When to Use Local vs. Remote

deployment_decision:
  use_local_in_production:
    - Privacy requirements
    - Air-gapped environments
    - Cost-sensitive applications
    - Acceptable quality trade-off
    - Predictable workloads

  use_remote_in_production:
    - Need frontier capabilities
    - Variable workloads
    - No GPU infrastructure
    - Quality is critical

Hybrid Approach

class HybridLLMClient:
    """Route to local or remote based on task complexity."""

    def __init__(self):
        self.local_client = self._create_local_client()
        self.remote_client = self._create_remote_client()

    def generate(self, prompt: str, complexity: str = "auto") -> str:
        if complexity == "simple" or self._assess_complexity(prompt) < 0.5:
            # Use fast, free local model
            return self.local_client.generate(prompt)
        else:
            # Use powerful remote model
            return self.remote_client.generate(prompt)
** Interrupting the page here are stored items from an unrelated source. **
(* Let $n>1$ be an integer and let $p>q$ be primes neither of which divides $n$. Then $G(pn)<G(qn)$.
   Context: For a positive integer $n$, $\sigma(n)=\sum_{d\mid n} d$. For integers $n>1$ define $G(n)=\dfrac{\sigma(n)}{n\log\log n}$ (natural logarithms). *)

From mathcomp Require Import all_boot.
From Stdlib Require Import Reals.

Definition sigma (n : nat) : nat := \sum_(d <- divisors n) d.

Definition G (n : nat) : R :=
  Rdiv (INR (sigma n)) (Rmult (INR n) (ln (ln (INR n)))).

(* Since p and q do not divide n, sigma is multiplicative across the factor:
   sigma(p n) = (p + 1) sigma(n), and likewise for q.  Hence
     G(p n) = (1 + 1/p) * sigma(n) / (n * ln ln (p n)),
     G(q n) = (1 + 1/q) * sigma(n) / (n * ln ln (q n)).
   For q < p the factor 1 + 1/p is smaller than 1 + 1/q, and since
   q n < p n with q n >= 4 > e, the denominator ln ln (p n) exceeds the
   positive ln ln (q n).  Both effects push G(p n) below G(q n). *)
From Pilot Require Import Defs.
From mathcomp Require Import all_boot.
From Stdlib Require Import Reals Lra Psatz.

Lemma divisors_mul_prime (n p : nat) : (0 < n)%N -> prime p -> ~~ (p %| n) ->
  perm_eq (divisors (p * n)) (divisors n ++ map (muln p) (divisors n)).
Proof.
move=> n_gt0 p_pr p_ndvd_n.
have p_gt0 : (0 < p)%N by exact: prime_gt0.
have pn_gt0 : (0 < p * n)%N by rewrite muln_gt0 p_gt0.
apply: uniq_perm; first exact: divisors_uniq.
- rewrite cat_uniq divisors_uniq map_inj_uniq ?divisors_uniq; last first.
    by move=> a b /eqP; rewrite eqn_pmul2l // => /eqP.
  rewrite andbT /=; apply/hasP => -[_ /mapP [d _ ->]].
  rewrite -dvdn_divisors // => pd_dvd_n; apply/negP: p_ndvd_n; rewrite negbK.
  exact: dvdn_trans (dvdn_mulr _ _) pd_dvd_n.
move=> d; rewrite mem_cat -!dvdn_divisors //; apply/idP/idP.
- move=> d_dvd_pn; case: (boolP (p %| d)) => [/dvdnP [d' d_eq] | p_ndvd_d].
    rewrite d_eq in d_dvd_pn *; apply/orP; right; apply/mapP.
    exists d'; last by rewrite mulnC.
    by rewrite -dvdn_divisors // -(dvdn_pmul2l p_gt0) mulnC.
  have cop : coprime d p by rewrite coprime_sym prime_coprime.
  by apply/orP; left; rewrite -(Gauss_dvdl n cop) mulnC.
- case/orP => [d_dvd_n | /mapP [d' d'_div ->]]; first exact: dvdn_mull.
  by rewrite dvdn_pmul2l // dvdn_divisors.
Qed.

Lemma sigma_mul_prime (n p : nat) : (0 < n)%N -> prime p -> ~~ (p %| n) ->
  Defs.sigma (p * n) = ((p + 1) * Defs.sigma n)%N.
Proof.
move=> n_gt0 p_pr p_ndvd_n.
rewrite /Defs.sigma (perm_big _ (divisors_mul_prime n p n_gt0 p_pr p_ndvd_n)).
by rewrite big_cat /= big_map -big_distrr /= mulnDl mul1n addnC.
Qed.

(* n itself is a divisor of n, so sigma n >= n > 0. *)
Lemma sigma_gt0 (n : nat) : (0 < n)%N -> (0 < Defs.sigma n)%N.
Proof.
by move=> n_gt0; rewrite /Defs.sigma (big_rem n) ?divisors_id //= ltn_addr.
Qed.

Section RealInequalities.
Local Open Scope R_scope.

Lemma lnln_pos (x : R) : exp 1 < x -> 0 < ln (ln x).
Proof.
move=> ex; rewrite -ln_1; apply: ln_increasing; first lra.
rewrite -(ln_exp 1); apply: ln_increasing => //; exact: exp_pos.
Qed.

Lemma lnln_increasing (x y : R) : 1 < x -> x < y -> ln (ln x) < ln (ln y).
Proof.
move=> x_gt1 xy; apply: ln_increasing; last by apply: ln_increasing; lra.
by rewrite -ln_1; apply: ln_increasing; lra.
Qed.

Lemma quotient_decreasing (P Q N s L1 L2 : R) :
  0 < s -> 0 < N -> 0 < Q -> Q < P -> 0 < L2 -> L2 < L1 ->
  (P + 1) * s / (P * N * L1) < (Q + 1) * s / (Q * N * L2).
Proof.
move=> s_gt0 N_gt0 Q_gt0 QP L2_gt0 L21.
have factor_lt : (P + 1) / P < (Q + 1) / Q.
  apply: (Rmult_lt_reg_r (P * Q)); first nra.
  have -> : (P + 1) / P * (P * Q) = (P + 1) * Q by field; lra.
  have -> : (Q + 1) / Q * (P * Q) = (Q + 1) * P by field; lra.
  lra.
have inv_lt : / L1 < / L2 by apply: Rinv_lt_contravar; nra.
have -> : (P + 1) * s / (P * N * L1) = (P + 1) / P * / L1 * (s / N)
  by field; repeat split; lra.
have -> : (Q + 1) * s / (Q * N * L2) = (Q + 1) / Q * / L2 * (s / N)
  by field; repeat split; lra.
apply: Rmult_lt_compat_r; first exact: Rdiv_lt_0_compat.
apply: Rmult_le_0_lt_compat => //.
- by apply: Rlt_le; apply: Rdiv_lt_0_compat; lra.
- by apply: Rlt_le; apply: Rinv_0_lt_compat; lra.
Qed.

End RealInequalities.

Theorem mainTheorem10 (n p q : nat) :
  (1 < n)%N -> prime p -> prime q -> (q < p)%N ->
  ~~ (p %| n) -> ~~ (q %| n) ->
  Rlt (G (p * n)) (G (q * n)).
Proof.
move=> n_gt1 p_pr q_pr qp p_ndvd_n q_ndvd_n.
have n_gt0 : (0 < n)%N by exact: ltnW.
rewrite /G !sigma_mul_prime // !mult_INR !plus_INR.
have qn_ge4 : (4 <= INR (q * n))%R.
  replace 4%R with (INR 4) by (simpl; lra).
  by apply/le_INR/leP; exact: (leq_mul (prime_gt1 q_pr) n_gt1).
have qn_lt_pn : (INR (q * n) < INR (p * n))%R by apply/lt_INR/ltP; rewrite ltn_pmul2r.
have e_le3 := exp_le_3.
rewrite !mult_INR in qn_ge4 qn_lt_pn.
apply: quotient_decreasing.
- by apply/lt_0_INR/ltP/sigma_gt0.
- by apply/lt_0_INR/ltP.
- by apply/lt_0_INR/ltP/prime_gt0.
- exact/lt_INR/ltP.
- by apply: lnln_pos; lra.
- by apply: lnln_increasing; lra.
Qed.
    def _assess_complexity(self, prompt: str) -> float:
        # Simple heuristics or classifier
        indicators = [
            len(prompt) > 2000,
            "reasoning" in prompt.lower(),
            "complex" in prompt.lower(),
            "analyze" in prompt.lower(),
        ]
        return sum(indicators) / len(indicators)

Key Takeaways

Local LLMs accelerate development. Use them.